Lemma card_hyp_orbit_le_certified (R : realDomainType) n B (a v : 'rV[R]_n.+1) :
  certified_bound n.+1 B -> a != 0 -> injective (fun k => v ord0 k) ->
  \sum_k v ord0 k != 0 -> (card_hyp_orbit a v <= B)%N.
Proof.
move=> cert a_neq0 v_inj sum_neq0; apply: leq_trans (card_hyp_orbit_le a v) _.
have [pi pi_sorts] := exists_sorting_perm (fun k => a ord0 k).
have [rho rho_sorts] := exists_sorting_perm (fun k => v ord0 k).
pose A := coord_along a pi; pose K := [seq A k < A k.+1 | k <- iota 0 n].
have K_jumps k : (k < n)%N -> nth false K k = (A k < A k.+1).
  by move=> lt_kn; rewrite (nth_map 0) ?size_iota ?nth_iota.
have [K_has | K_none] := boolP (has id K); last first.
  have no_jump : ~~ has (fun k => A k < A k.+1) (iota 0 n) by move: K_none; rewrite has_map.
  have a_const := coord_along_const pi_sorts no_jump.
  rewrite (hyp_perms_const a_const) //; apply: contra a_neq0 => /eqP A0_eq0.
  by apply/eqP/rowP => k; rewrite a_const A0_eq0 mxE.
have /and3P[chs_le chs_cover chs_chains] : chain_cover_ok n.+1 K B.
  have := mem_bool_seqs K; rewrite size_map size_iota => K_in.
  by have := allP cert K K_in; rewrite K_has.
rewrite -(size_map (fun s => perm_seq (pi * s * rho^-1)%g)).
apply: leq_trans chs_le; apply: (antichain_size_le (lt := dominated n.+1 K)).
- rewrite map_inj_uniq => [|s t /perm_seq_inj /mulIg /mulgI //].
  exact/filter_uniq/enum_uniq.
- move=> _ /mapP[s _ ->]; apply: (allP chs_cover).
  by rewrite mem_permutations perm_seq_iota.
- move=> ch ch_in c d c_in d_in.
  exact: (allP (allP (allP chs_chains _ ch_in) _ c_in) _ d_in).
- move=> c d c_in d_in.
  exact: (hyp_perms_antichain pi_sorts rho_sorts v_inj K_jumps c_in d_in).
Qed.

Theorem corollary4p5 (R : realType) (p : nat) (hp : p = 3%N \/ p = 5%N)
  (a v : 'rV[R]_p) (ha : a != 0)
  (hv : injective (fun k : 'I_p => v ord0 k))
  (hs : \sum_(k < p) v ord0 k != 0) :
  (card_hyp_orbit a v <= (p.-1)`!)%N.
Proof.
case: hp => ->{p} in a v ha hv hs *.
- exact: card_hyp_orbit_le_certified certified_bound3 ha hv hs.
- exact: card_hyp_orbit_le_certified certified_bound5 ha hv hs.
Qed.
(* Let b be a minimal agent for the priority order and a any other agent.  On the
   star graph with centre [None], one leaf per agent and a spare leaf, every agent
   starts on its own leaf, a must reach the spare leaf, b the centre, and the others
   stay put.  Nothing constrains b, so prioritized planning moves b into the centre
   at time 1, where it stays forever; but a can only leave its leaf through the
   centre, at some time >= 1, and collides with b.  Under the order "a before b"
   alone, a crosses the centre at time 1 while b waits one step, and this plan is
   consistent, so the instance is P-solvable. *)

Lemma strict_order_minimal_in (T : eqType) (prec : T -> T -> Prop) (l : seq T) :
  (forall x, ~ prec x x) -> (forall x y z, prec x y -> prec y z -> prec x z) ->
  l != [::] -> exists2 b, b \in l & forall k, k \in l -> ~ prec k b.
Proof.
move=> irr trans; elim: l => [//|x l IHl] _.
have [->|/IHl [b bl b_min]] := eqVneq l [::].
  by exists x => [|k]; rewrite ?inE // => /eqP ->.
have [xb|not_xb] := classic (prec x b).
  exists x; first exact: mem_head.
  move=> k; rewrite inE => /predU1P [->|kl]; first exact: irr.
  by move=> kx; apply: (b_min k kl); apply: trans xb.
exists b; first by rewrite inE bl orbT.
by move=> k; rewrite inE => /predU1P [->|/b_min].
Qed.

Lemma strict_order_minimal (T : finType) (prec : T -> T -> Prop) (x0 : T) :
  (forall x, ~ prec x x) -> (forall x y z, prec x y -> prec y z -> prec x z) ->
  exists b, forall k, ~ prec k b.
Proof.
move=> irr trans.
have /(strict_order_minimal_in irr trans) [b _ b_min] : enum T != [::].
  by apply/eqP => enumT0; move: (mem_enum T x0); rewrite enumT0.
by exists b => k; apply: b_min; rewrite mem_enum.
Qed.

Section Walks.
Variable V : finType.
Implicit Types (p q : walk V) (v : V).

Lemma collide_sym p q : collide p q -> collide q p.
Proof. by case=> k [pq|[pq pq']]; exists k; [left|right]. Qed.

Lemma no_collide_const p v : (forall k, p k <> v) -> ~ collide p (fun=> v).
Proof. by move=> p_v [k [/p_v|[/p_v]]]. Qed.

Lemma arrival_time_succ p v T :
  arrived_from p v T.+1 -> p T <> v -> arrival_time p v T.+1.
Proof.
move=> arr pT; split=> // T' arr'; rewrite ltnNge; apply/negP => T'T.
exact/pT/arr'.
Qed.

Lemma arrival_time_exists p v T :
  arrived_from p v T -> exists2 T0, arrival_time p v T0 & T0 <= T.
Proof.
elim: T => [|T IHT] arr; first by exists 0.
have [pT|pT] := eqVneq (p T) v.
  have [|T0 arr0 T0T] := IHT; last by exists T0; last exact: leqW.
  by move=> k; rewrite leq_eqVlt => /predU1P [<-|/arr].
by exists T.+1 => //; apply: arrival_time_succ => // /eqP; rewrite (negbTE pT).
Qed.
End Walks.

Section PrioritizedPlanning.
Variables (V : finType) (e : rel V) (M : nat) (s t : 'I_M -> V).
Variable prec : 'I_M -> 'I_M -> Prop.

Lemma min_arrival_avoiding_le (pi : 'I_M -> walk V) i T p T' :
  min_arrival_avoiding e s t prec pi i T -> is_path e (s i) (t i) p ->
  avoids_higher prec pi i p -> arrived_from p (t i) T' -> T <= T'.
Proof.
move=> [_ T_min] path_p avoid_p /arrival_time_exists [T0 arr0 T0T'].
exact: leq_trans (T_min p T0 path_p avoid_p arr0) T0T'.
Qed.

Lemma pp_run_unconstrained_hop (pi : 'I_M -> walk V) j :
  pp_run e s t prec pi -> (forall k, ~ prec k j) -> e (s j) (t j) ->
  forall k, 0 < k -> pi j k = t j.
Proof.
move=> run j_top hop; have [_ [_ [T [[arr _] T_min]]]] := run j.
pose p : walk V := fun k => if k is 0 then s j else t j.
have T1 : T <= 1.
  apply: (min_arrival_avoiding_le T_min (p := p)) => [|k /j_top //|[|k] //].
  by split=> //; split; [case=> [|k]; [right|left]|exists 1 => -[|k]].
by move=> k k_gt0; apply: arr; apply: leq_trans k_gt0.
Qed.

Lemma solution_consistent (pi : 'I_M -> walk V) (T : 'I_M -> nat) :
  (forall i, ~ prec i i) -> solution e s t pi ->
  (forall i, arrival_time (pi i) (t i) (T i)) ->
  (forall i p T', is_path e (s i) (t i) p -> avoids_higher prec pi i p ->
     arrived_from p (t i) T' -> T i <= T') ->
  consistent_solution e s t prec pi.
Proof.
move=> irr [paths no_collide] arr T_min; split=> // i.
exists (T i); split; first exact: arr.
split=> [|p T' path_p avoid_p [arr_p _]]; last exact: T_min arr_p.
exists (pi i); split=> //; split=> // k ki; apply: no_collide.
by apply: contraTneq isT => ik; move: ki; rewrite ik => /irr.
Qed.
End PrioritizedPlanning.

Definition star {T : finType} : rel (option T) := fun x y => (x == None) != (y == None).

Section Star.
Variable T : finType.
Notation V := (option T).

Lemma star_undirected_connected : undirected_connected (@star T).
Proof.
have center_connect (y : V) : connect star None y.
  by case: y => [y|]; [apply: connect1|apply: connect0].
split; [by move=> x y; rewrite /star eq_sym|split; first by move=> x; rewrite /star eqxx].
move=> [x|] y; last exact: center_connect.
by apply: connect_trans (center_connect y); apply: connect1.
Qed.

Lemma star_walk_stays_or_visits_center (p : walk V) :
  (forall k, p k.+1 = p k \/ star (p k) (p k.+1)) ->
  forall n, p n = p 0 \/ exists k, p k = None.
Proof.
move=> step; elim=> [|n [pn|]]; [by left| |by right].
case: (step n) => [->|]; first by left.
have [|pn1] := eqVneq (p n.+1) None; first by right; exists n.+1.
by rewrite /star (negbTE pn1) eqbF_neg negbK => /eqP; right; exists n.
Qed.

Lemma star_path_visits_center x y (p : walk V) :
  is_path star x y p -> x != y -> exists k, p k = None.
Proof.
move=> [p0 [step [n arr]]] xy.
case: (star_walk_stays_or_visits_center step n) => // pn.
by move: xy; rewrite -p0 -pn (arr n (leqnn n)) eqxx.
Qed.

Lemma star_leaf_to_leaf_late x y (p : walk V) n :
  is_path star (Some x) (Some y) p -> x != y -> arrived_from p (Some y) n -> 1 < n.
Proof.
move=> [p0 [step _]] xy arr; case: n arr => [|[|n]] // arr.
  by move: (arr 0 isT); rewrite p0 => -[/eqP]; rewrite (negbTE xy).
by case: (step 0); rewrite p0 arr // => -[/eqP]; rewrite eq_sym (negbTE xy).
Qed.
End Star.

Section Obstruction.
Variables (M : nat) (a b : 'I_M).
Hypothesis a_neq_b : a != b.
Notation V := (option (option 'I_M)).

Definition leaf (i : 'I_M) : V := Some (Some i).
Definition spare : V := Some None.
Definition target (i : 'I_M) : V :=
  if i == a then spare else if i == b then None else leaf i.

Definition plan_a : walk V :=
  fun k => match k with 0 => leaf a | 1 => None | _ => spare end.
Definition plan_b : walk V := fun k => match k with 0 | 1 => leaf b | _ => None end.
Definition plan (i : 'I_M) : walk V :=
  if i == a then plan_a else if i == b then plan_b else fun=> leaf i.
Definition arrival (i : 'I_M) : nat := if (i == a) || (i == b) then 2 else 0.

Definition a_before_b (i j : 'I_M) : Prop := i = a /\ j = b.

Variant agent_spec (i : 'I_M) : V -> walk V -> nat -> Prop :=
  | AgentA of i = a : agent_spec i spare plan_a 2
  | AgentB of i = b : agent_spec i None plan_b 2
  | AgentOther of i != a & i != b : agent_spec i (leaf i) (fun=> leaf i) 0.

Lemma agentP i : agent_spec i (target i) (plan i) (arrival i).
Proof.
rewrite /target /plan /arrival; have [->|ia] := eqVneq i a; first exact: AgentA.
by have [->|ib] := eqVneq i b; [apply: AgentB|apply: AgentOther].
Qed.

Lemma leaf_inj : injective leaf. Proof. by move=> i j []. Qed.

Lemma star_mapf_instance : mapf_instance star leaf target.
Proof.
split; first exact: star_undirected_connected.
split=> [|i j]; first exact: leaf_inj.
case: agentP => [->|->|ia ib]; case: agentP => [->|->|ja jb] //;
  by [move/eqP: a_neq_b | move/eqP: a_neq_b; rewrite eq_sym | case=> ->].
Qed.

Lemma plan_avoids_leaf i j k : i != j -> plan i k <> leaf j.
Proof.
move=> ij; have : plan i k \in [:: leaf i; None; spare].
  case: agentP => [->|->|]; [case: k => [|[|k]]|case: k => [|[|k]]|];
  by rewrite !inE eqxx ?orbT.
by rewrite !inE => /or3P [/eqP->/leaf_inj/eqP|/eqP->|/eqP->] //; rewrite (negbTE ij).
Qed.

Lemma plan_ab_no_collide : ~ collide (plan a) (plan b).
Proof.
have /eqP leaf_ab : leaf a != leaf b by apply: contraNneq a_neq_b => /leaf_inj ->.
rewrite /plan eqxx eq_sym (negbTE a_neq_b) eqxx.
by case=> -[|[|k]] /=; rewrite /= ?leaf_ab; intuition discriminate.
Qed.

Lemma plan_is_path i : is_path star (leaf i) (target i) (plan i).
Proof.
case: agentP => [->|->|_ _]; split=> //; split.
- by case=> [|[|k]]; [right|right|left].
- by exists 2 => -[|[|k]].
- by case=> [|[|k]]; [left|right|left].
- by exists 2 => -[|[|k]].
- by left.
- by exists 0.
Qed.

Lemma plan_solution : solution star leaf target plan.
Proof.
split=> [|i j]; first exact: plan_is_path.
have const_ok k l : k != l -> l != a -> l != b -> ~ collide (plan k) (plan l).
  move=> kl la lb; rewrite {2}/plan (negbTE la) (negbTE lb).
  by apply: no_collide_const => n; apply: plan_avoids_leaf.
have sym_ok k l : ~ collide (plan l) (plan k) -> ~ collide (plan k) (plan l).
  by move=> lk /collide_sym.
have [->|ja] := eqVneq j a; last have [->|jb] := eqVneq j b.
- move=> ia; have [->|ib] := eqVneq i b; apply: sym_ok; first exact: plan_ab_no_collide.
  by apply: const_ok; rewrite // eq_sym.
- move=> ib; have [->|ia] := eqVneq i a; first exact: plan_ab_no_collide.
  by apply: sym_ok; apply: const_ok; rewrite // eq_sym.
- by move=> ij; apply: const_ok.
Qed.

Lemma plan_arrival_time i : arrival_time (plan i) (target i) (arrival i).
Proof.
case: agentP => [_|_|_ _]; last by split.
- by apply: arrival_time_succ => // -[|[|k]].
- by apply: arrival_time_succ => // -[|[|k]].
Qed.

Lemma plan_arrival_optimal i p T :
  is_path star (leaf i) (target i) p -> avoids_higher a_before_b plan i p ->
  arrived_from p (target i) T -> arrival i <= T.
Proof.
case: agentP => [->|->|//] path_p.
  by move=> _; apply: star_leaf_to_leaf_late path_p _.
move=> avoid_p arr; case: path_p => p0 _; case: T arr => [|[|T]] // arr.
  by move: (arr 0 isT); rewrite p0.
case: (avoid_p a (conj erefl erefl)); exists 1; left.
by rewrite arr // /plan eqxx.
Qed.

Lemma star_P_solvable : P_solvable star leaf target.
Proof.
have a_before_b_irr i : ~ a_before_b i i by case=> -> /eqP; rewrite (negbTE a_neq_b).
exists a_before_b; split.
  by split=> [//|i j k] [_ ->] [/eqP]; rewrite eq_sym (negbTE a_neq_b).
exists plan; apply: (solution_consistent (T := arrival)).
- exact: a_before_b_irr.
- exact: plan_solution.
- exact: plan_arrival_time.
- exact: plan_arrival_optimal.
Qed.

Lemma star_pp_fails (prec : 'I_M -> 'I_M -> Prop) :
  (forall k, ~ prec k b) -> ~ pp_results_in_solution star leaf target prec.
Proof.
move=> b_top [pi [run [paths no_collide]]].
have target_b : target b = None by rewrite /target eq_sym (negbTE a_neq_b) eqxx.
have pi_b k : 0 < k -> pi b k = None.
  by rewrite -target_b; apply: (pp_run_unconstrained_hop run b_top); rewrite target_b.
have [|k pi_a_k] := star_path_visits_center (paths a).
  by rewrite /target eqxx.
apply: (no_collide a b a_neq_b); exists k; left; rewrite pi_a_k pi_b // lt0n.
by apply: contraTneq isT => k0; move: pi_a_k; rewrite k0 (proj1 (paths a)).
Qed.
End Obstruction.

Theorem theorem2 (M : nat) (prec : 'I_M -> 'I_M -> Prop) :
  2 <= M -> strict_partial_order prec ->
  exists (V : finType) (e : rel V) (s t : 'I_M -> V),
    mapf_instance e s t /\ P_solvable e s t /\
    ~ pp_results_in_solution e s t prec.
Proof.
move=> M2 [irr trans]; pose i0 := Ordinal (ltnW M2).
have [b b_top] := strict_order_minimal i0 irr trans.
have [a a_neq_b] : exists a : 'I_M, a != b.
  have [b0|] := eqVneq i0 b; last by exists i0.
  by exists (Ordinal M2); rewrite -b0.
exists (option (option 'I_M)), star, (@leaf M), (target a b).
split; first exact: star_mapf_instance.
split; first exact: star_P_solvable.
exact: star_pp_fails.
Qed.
-----
# [WORK REQUEST]
From the material above, set down exactly the lines between the line holding "move=> [p0 [step _]]" and the line holding "if i == a then spare", inclusive. Include nothing else.

# [ANSWER]
move=> [p0 [step _]] xy arr; case: n arr => [|[|n]] // arr.
  by move: (arr 0 isT); rewrite p0 => -[/eqP]; rewrite (negbTE xy).
by case: (step 0); rewrite p0 arr // => -[/eqP]; rewrite eq_sym (negbTE xy).
Qed.
End Star.

Section Obstruction.
Variables (M : nat) (a b : 'I_M).
Hypothesis a_neq_b : a != b.
Notation V := (option (option 'I_M)).

Definition leaf (i : 'I_M) : V := Some (Some i).
Definition spare : V := Some None.
Definition target (i : 'I_M) : V :=
  if i == a then spare else if i == b then None else leaf i.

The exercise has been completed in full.